D. ÉTENDRE LES INCOMPATIBILITÉS PARLEMENTAIRES POUR MIEUX PRÉVENIR LES CONFLITS D'INTÉRÊTS

Par leur existence, les incompatibilités parlementaires empêchent les parlementaires de se trouver dans un certain nombre de situations susceptibles de générer des conflits d'intérêts. En prohibant l'exercice de certaines activités ou professions, elles empêchent les parlementaires de dépendre financièrement de certains intérêts privés pour leurs revenus. L'incompatibilité s'avère donc un mécanisme très efficace de prévention des conflits d'intérêts.

Aussi certains membres de votre groupe de travail ont-ils plaidé en faveur du principe maximaliste de l'incompatibilité absolue du mandat parlementaire avec toute activité professionnelle ou fonction extérieure, tout en admettant la difficulté à faire partager cette position à une majorité de leurs collègues. Au demeurant, un tel principe pourrait conduire à devoir considérer le mandat parlementaire comme exclusif de tout autre engagement, et donc incompatible, par exemple, avec un mandat électif local. Il serait difficile en effet de soutenir que le mandat parlementaire doit être exclusif de toute activité professionnelle, mais qu'il peut être cumulé avec des mandats locaux voire une fonction exécutive locale. Cette question relève en réalité davantage de la réflexion sur la disponibilité des élus -qu'il n'appartient pas à votre groupe de travail de conduire- que du débat sur la prévention des conflits d'intérêts.

A cet égard, votre groupe de travail tient fermement à rappeler que la notion de conflit d'intérêts n'est en aucun cas pertinente pour caractériser une situation de cumul de plusieurs mandats électifs : le conflit d'intérêts vise la divergence entre l'intérêt général et des intérêts privés et ne saurait concerner plusieurs intérêts publics, qu'ils soient nationaux ou locaux.

Il n'a pas paru raisonnable à votre groupe de travail, dans sa majorité, de proposer d'interdire l'exercice de toute activité professionnelle durant le mandat parlementaire au motif que cela permettrait de supprimer tout risque de conflit d'intérêts.
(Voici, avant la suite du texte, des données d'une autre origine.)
Definition G_invariant (S : {set {set V}}) : Prop :=
  forall (s : {set V}) (g : gT), s \in S -> sact s g \in S.

Definition is_Gcomplex (K : {set {set V}}) : Prop :=
  is_complex K /\ G_invariant K.

Definition is_Gsubcomplex (K' K : {set {set V}}) : Prop :=
  is_Gcomplex K' /\ K' \subset K.

Definition covers (K : {set {set V}}) (x y : {set V}) : bool :=
  [&& x \in K, y \in K, y \proper x &
      ~~ [exists z in K, (y \proper z) && (z \proper x)]].

Definition facet (K : {set {set V}}) (s : {set V}) : bool :=
  (s \in K) && ~~ [exists t in K, s \proper t].

Definition free (K : {set {set V}}) (s : {set V}) : bool :=
  (s \in K) && (#|[set f in K | facet K f && (s \proper f)]| == 1).

Definition indep_free (K : {set {set V}}) (S : {set {set V}}) : Prop :=
  (forall s, s \in S -> free K s) /\
  (forall s t, s \in S -> t \in S -> s != t ->
     ~ exists c, [/\ c \in K, s \subset c & t \subset c]).

Definition orbit_s (s : {set V}) : {set {set V}} := [set sact s g | g : gT].

Definition elem_Gcollapse (K K' : {set {set V}}) : Prop :=
  exists sigma : {set V},
    [/\ free K sigma,
        (exists phi, [/\ facet K phi, sigma \proper phi & #|phi| = #|sigma|.+1]),
        indep_free K (orbit_s sigma) &
        K' = [set t in K | [forall g : gT, ~~ (sact sigma g \subset t)]]].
Le mandat est par nature temporaire et il n'est pas une profession. Le parlementaire doit donc être en mesure, à l'issue du mandat, de pouvoir reprendre une activité professionnelle. Dans son principe, le cumul encadré de certaines activités professionnelles avec le mandat doit permettre ce retour à la vie professionnelle, dès lors qu'est prohibé l'exercice des activités ou fonctions qui peuvent porter atteinte à l'exercice du mandat. A titre d'exemple, on n'imagine pas qu'un chirurgien devenant parlementaire ne soit pas autorisé à continuer à exercer sa profession pendant toutes les années que dure son mandat puis soit capable de reprendre son activité sans avoir pu la pratiquer pendant ces années. Ainsi, une incompatibilité absolue avec toute activité professionnelle ne serait pas souhaitable car elle conduirait à exclure de facto du Parlement les membres de certaines professions qui requièrent une certaine continuité dans leur pratique. L'encadrement par des incompatibilités nouvelles ne doit donc concerner que les activités susceptibles de faire naître un conflit d'intérêts.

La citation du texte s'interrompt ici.